→ **EXTRACTED INFORMATION**
★ ★ ★ ★ ★ ★ ★

End PentagonalRecurrence.

(** * Counting even values *)

Lemma odd_sum (I : Type) (r : seq I) (P : pred I) (F : I -> nat) :
  odd (\sum_(i <- r | P i) F i) = odd (count (fun i => P i && odd (F i)) r).
Proof.
elim: r => [|i r IHr]; first by rewrite big_nil.
by rewrite big_cons /=; case: (P i); rewrite /= ?oddD ?oddb IHr.
Qed.

Lemma odd_p_mex0 A a : 0 < a <= A -> odd (p_mex A a 0).
Proof. by move=> aP; rewrite (@odd_p_mex A a 0 1) // big_ord1. Qed.

Definition npent N := count (fun g => g <= N) (pent_upto N).

Lemma exists_even_shift A a N : 0 < a <= A -> odd (npent N) ->
  ~~ is_aprog_sum A a N ->
  exists2 g, g \in pent_upto N & g < N /\ ~~ odd (p_mex A a (N - g)).
Proof.
move=> aP odd_npent notin_sums.
suff /hasP[g g_pent /andP[lt_gN even_p]] :
  has (fun g => (g < N) && ~~ odd (p_mex A a (N - g))) (pent_upto N) by exists g.
apply: contraNT notin_sums => /hasPn no_shift.
rewrite -pentagonal_recurrence_mod2 // odd_sum.
suff -> : count (fun g => (g <= N) && odd (p_mex A a (N - g))) (pent_upto N) = npent N by [].
apply: eq_in_count => g /no_shift; rewrite negb_and negbK.
case: ltngtP => [_ /= -> //|//|-> _]; by rewrite subnn odd_p_mex0.
Qed.

Lemma npent_odd j N : pent_neg j <= N < pent j.+1 -> odd (npent N).
Proof.
move=> /andP[le_jN lt_Nj]; have le_j_pent_neg : j <= pent_neg j by rewrite /pent_neg; nia.
rewrite /npent count_cat !count_map.
rewrite (eq_in_count (a2 := fun i => i < j.+1)) ?count_iota_ltn; first last.
- move=> i _ /=; rewrite ltnS; apply/idP/idP => [le_iN|le_ij]; last first.
    exact: leq_trans (pent_homo le_ij) (leq_trans (pent_leq_pent_neg j) le_jN).
  by rewrite leqNgt; apply/negP => /pent_homo; lia.
- lia.
rewrite (eq_in_count (a2 := fun i => i < j.+1)); last first.
  move=> i _ /=; rewrite ltnS; apply/idP/idP => [le_iN|le_ij]; last exact: leq_trans (pent_neg_homo le_ij) le_jN.
  rewrite leqNgt; apply/negP => /pent_neg_homo; have := pent_leq_pent_neg j.+1; lia.
rewrite -[1]addn0 iotaDl count_map (eq_count (a2 := fun i => i < j)) // count_iota_ltn.
  by rewrite addSn /= oddD; case: (odd j).
lia.
Qed.

Lemma count_odd_npent J :
  J.+1 * J.+1 <= count (fun N => odd (npent N)) (iota 0 (pent J.+1)).
Proof.
elim: J => [//|J IHJ].
have le_pent := pent_leq_pent_neg J.+1; have pentSJ := pentS J.+1.
have all_odd : count (fun N => odd (npent N)) (iota (pent_neg J.+1) (pent J.+2 - pent_neg J.+1))
    = pent J.+2 - pent_neg J.+1.
  rewrite -[RHS](size_iota (pent_neg J.+1)) -count_predT; apply: eq_in_count => N.
  by rewrite mem_iota => /andP[? ?]; apply: (@npent_odd J.+1); lia.
rewrite (_ : pent J.+2 = pent J.+1 + (pent_neg J.+1 - pent J.+1) + (pent J.+2 - pent_neg J.+1));
  last by lia.
rewrite iotaD iotaD !count_cat !add0n (_ : pent J.+1 + (pent_neg J.+1 - pent J.+1) = pent_neg J.+1);
  last by lia.
by rewrite all_odd; nia.
Qed.

Lemma size_pent_upto i : size (pent_upto i) = i.*2.+1.
Proof. by rewrite size_cat !size_map !size_iota; lia. Qed.

Lemma pent_upto_sub N i g : g \in pent_upto N -> g < i.+1 * i.+1 -> g \in pent_upto i.
Proof.
rewrite !mem_cat => /orP[] /mapP[j]; rewrite mem_iota => /andP[j_ge _] -> lt_g_sq.
  have: j * j <= pent j by apply: leq_addr.
  by move=> ?; apply/orP; left; apply/mapP; exists j; rewrite // mem_iota; nia.
have: j * j <= pent_neg j by apply: leq_addr.
by move=> ?; apply/orP; right; apply/mapP; exists j; rewrite // mem_iota; nia.
Qed.

Lemma tri_leq_aprog_sum A a j : 0 < a -> 0 < A -> tri j <= aprog_sum A a j.
Proof. by move=> a_gt0 A_gt0; elim: j => //= j IHj; rewrite aprog_sumS; nia. Qed.

Lemma count_aprog_sums A a x i : 0 < a -> 0 < A -> x < i.+1 * i.+1 ->
  count (is_aprog_sum A a) (iota 0 x.+1) <= i.*2.+2.
Proof.
move=> a_gt0 A_gt0 lt_x_sq; rewrite -size_filter.
rewrite -[X in _ <= X](size_iota 0 i.*2.+2) -[X in _ <= X](size_map (aprog_sum A a)).
apply: uniq_leq_size; first by apply: filter_uniq; apply: iota_uniq.
move=> N; rewrite mem_filter mem_iota => /andP[/mapP[j _ ->] le_e_x].
apply/mapP; exists j => //; rewrite mem_iota.
by have := tri_leq_aprog_sum j a_gt0 A_gt0; have := mul2_tri j; nia.
Qed.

★ ★ ★ ★ ★ ★ ★

→ **WHAT TO WORK ON**
Would you copy every line of the material exactly?

→ **RESULT BELOW**
End PentagonalRecurrence.

(** * Counting even values *)

Lemma odd_sum (I : Type) (r : seq I) (P : pred I) (F : I -> nat) :
  odd (\sum_(i <- r | P i) F i) = odd (count (fun i => P i && odd (F i)) r).
Proof.
elim: r => [|i r IHr]; first by rewrite big_nil.
by rewrite big_cons /=; case: (P i); rewrite /= ?oddD ?oddb IHr.
Qed.

Lemma odd_p_mex0 A a : 0 < a <= A -> odd (p_mex A a 0).
Proof. by move=> aP; rewrite (@odd_p_mex A a 0 1) // big_ord1. Qed.

Definition npent N := count (fun g => g <= N) (pent_upto N).

Lemma exists_even_shift A a N : 0 < a <= A -> odd (npent N) ->
  ~~ is_aprog_sum A a N ->
  exists2 g, g \in pent_upto N & g < N /\ ~~ odd (p_mex A a (N - g)).
Proof.
move=> aP odd_npent notin_sums.
suff /hasP[g g_pent /andP[lt_gN even_p]] :
  has (fun g => (g < N) && ~~ odd (p_mex A a (N - g))) (pent_upto N) by exists g.
apply: contraNT notin_sums => /hasPn no_shift.
rewrite -pentagonal_recurrence_mod2 // odd_sum.
suff -> : count (fun g => (g <= N) && odd (p_mex A a (N - g))) (pent_upto N) = npent N by [].
apply: eq_in_count => g /no_shift; rewrite negb_and negbK.
case: ltngtP => [_ /= -> //|//|-> _]; by rewrite subnn odd_p_mex0.
Qed.

Lemma npent_odd j N : pent_neg j <= N < pent j.+1 -> odd (npent N).
Proof.
move=> /andP[le_jN lt_Nj]; have le_j_pent_neg : j <= pent_neg j by rewrite /pent_neg; nia.
rewrite /npent count_cat !count_map.
rewrite (eq_in_count (a2 := fun i => i < j.+1)) ?count_iota_ltn; first last.
- move=> i _ /=; rewrite ltnS; apply/idP/idP => [le_iN|le_ij]; last first.
    exact: leq_trans (pent_homo le_ij) (leq_trans (pent_leq_pent_neg j) le_jN).
  by rewrite leqNgt; apply/negP => /pent_homo; lia.
- lia.
rewrite (eq_in_count (a2 := fun i => i < j.+1)); last first.
  move=> i _ /=; rewrite ltnS; apply/idP/idP => [le_iN|le_ij]; last exact: leq_trans (pent_neg_homo le_ij) le_jN.
  rewrite leqNgt; apply/negP => /pent_neg_homo; have := pent_leq_pent_neg j.+1; lia.
rewrite -[1]addn0 iotaDl count_map (eq_count (a2 := fun i => i < j)) // count_iota_ltn.
  by rewrite addSn /= oddD; case: (odd j).
lia.
Qed.

Lemma count_odd_npent J :
  J.+1 * J.+1 <= count (fun N => odd (npent N)) (iota 0 (pent J.+1)).
Proof.
elim: J => [//|J IHJ].
have le_pent := pent_leq_pent_neg J.+1; have pentSJ := pentS J.+1.
have all_odd : count (fun N => odd (npent N)) (iota (pent_neg J.+1) (pent J.+2 - pent_neg J.+1))
    = pent J.+2 - pent_neg J.+1.
  rewrite -[RHS](size_iota (pent_neg J.+1)) -count_predT; apply: eq_in_count => N.
  by rewrite mem_iota => /andP[? ?]; apply: (@npent_odd J.+1); lia.
rewrite (_ : pent J.+2 = pent J.+1 + (pent_neg J.+1 - pent J.+1) + (pent J.+2 - pent_neg J.+1));
  last by lia.
rewrite iotaD iotaD !count_cat !add0n (_ : pent J.+1 + (pent_neg J.+1 - pent J.+1) = pent_neg J.+1);
  last by lia.
by rewrite all_odd; nia.
Qed.

Lemma size_pent_upto i : size (pent_upto i) = i.*2.+1.
Proof. by rewrite size_cat !size_map !size_iota; lia. Qed.

Lemma pent_upto_sub N i g : g \in pent_upto N -> g < i.+1 * i.+1 -> g \in pent_upto i.
Proof.
rewrite !mem_cat => /orP[] /mapP[j]; rewrite mem_iota => /andP[j_ge _] -> lt_g_sq.
  have: j * j <= pent j by apply: leq_addr.
  by move=> ?; apply/orP; left; apply/mapP; exists j; rewrite // mem_iota; nia.
have: j * j <= pent_neg j by apply: leq_addr.
by move=> ?; apply/orP; right; apply/mapP; exists j; rewrite // mem_iota; nia.
Qed.

Lemma tri_leq_aprog_sum A a j : 0 < a -> 0 < A -> tri j <= aprog_sum A a j.
Proof. by move=> a_gt0 A_gt0; elim: j => //= j IHj; rewrite aprog_sumS; nia. Qed.

Lemma count_aprog_sums A a x i : 0 < a -> 0 < A -> x < i.+1 * i.+1 ->
  count (is_aprog_sum A a) (iota 0 x.+1) <= i.*2.+2.
Proof.
move=> a_gt0 A_gt0 lt_x_sq; rewrite -size_filter.
rewrite -[X in _ <= X](size_iota 0 i.*2.+2) -[X in _ <= X](size_map (aprog_sum A a)).
apply: uniq_leq_size; first by apply: filter_uniq; apply: iota_uniq.
move=> N; rewrite mem_filter mem_iota => /andP[/mapP[j _ ->] le_e_x].
apply/mapP; exists j => //; rewrite mem_iota.
by have := tri_leq_aprog_sum j a_gt0 A_gt0; have := mul2_tri j; nia.
Qed.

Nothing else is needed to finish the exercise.